JAKARTA, KOMPAS.com - Kementerian Sosial Republik Indonesia (Kemensos RI) membantah menerima suap maupun aliran dana dari perusahaan perangkat lunak asal Jerman, SAP SE.
Kasus dugaan suap SAP SE ke sejumlah pejabat di lingkungan pemerintah Indonesia menjadi sorotan setelah Department of Justice (DoJ) United States atau Kementerian Kehakiman Amerika Serikat (AS) merilis praktik suap perusahaan itu.
Tempus delicti atau peristiwa dugaan pidana itu terjadi pada 2015 sampai 2018.
“Saya tegaskan tidak ada dana dari luar atau dari SAP dan semacamnya,” kata Kepala Pusat Data dan Informasi (Kapusdatin) Kemensos, Agus Zainal Arifin dalam konferensi pers di kantornya, Jakarta Pusat, Selasa (16/1/2024) sebagaimana dikutip dari Kompas TV.
Baca juga: Mengenal SAP, Perusahaan Asal Jerman yang Diduga Suap Pejabat KKP dan Kominfo
Zainal menyebut, selama tiga tahun terakhir Kemensos tidak melakukan pengadaan barang dan jasa berupa software.
Sebab, perangkat lunak dikembangkan di internal untuk menghemat anggaran.
“Kita anggarannya sangat sedikit untuk mengatasi kemiskinan untuk dialihkan ke sana,” tutur Agus.
Selain itu, pengadaan software seperti dari SAP membuat Kemensos harus memiliki kontrak penuh.
Di sisi lain, Kemensos melihat pengembangan software disesuaikan dengan kebutuhan program pengentasan kemiskinan.
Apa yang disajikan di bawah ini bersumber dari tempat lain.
Lemma convE nu mu g : conv nu mu g = \sum_x nu x * mu (x^-1 * g)%g.
Proof.
apply: eq_bigr => x _; rewrite (big_pred1 (x^-1 * g)%g) // => y /=.
by apply/eqP/eqP => [<-|->]; rewrite ?mulKg ?mulKVg.
Qed.

Lemma sum_invgMr (F : G -> R) g : \sum_x F (x^-1 * g)%g = \sum_x F x.
Proof.
by rewrite [RHS](reindex_inj (h := fun x => x^-1 * g)%g) // => x y /mulIg /invg_inj.
Qed.

Lemma sum_conv nu mu : \sum_g conv nu mu g = (\sum_g nu g) * \sum_g mu g.
Proof.
under eq_bigr do rewrite convE.
rewrite exchange_big mulr_suml; apply: eq_bigr => x _.
rewrite -mulr_sumr (reindex_inj (mulgI x)) /=.
by under eq_bigr do rewrite mulKg.
Qed.

Lemma conv_ge0 nu mu g : (forall x, 0 <= nu x) -> (forall x, 0 <= mu x) ->
  0 <= conv nu mu g.
Proof. by move=> nu0 mu0; rewrite convE sumr_ge0 // => x _; rewrite mulr_ge0. Qed.

Lemma conv_delta_er mu g : conv mu (@delta_e R G) g = mu g.
Proof.
rewrite convE (bigD1 g) //= /delta_e mulVg eqxx mulr1 big1 ?addr0 // => x xg.
by rewrite -eq_invg_mul invgK (negPf xg) mulr0.
Qed.

Lemma conv_delta_el mu g : conv (@delta_e R G) mu g = mu g.
Proof.
rewrite convE (bigD1 1%g) //= /delta_e eqxx mul1r invg1 mul1g big1 ?addr0 //.
by move=> x /negPf ->; rewrite mul0r.
Qed.

Lemma convA nu mu f g : conv (conv nu mu) f g = conv nu (conv mu f) g.
Proof.
rewrite convE; under eq_bigr do rewrite convE mulr_suml.
rewrite exchange_big convE; apply: eq_bigr => x _.
rewrite convE mulr_sumr (reindex_inj (mulgI x)); apply: eq_bigr => y _.
by rewrite /= mulKg invMg mulgA mulrA.
Qed.

Lemma conv_gt0 nu mu g : (forall x, 0 <= nu x) -> (forall x, 0 <= mu x) ->
  0 < conv nu mu g <-> exists x, 0 < nu x /\ 0 < mu (x^-1 * g)%g.
Proof.
move=> nu0 mu0; have numu0 x : 0 <= nu x * mu (x^-1 * g)%g by rewrite mulr_ge0.
rewrite convE; split=> [|[x [nux mux]]].
- move=> /gt_eqF/negbT/eqP/psumr_neq0P-/(_ (fun x _ => numu0 x))[x /= nuxmux].
  exists x; rewrite !lt0r nu0 mu0 !andbT.
  by split; apply: contraTneq nuxmux => ->; rewrite (mul0r, mulr0) ltxx.
- by apply: lt_le_trans (ler_sum_term x numu0); rewrite mulr_gt0.
Qed.

Lemma convBr mu f f' g :
  conv mu (fun x => f x - f' x) g = conv mu f g - conv mu f' g.
Proof. by rewrite !convE -sumrB; apply: eq_bigr => x _; rewrite mulrBr. Qed.

Lemma convZl (k : R) nu f g : conv (fun x => k * nu x) f g = k * conv nu f g.
Proof. by rewrite !convE mulr_sumr; apply: eq_bigr => x _; rewrite mulrA. Qed.

Lemma conv_suml (I : finType) (nu : I -> G -> R) f g :
  conv (fun x => \sum_i nu i x) f g = \sum_i conv (nu i) f g.
Proof.
rewrite convE; under eq_bigr do rewrite mulr_suml.
by rewrite exchange_big; apply: eq_bigr => i _; rewrite convE.
Qed.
“Karena kebutuhan kan berubah-ubah terus dan akan makin baik-baik,” tutur Zainal.
Pada kesempatan yang sama, staf Khusus Menteri bidang Pengembangan SDM dan Program Kemensos, Suhadi Lili mengatakan, produk SAP yang disebut ada di Kemensos adalah application tracking system (ATS).
Baca juga: Soal Dugaan Suap SAP Jerman ke Pejabat KKP, Trenggono: Sedang Diidentifikasi
Software ini digunakan untuk melakukan rekrutmen.
Namun, ketika pihaknya mengecek keberadaan software itu pada daftar barang milik negara (BMN), perangkat lunak itu tidak ada.
“Jadi di Pusdatin ini kami cari-cari tidak ditemukan ya adanya software ATS tersebut,” kata Suhadi.
Sementara itu, kata Suhadi, saat ini pejabat-pejabat di Pusdatin Kemensos sudah berganti. Banyak pejabat termasuk staf khusus menteri (SKM) baru mulai duduk pada 2021.
Di sisi lain, Suhadi mengatakan pihaknya tidak pernah melihat dan mengetahui perangkat lunak ATS dari SAP SE.
“Jadi dengar rekrutmen, kapan ada rekrutmen sampe butuh software sampe yang segitu, itu kita juga tidak tahu,” ujar Suhadi.
“Tapi yang jelas untuk tahu ya kita perlu cukup waktu untuk itu,” tambahnya.
Untuk diketahui, dugaan kecurangan atau suap dalam bisnis SAP SE diusut oleh Kementerian Kehakiman dan Securities and Exchange Commission (SEC), lembaga semacam Bursa Efek di AS.
Dalam dokumen yang dirilis SEC, SAP Indonesia dengan Value Added Resellers (VARs) atau resellernya disebut mencoba dan menawarkan “pembayaran tidak pantas” ke sejumlah institusi di Indonesia.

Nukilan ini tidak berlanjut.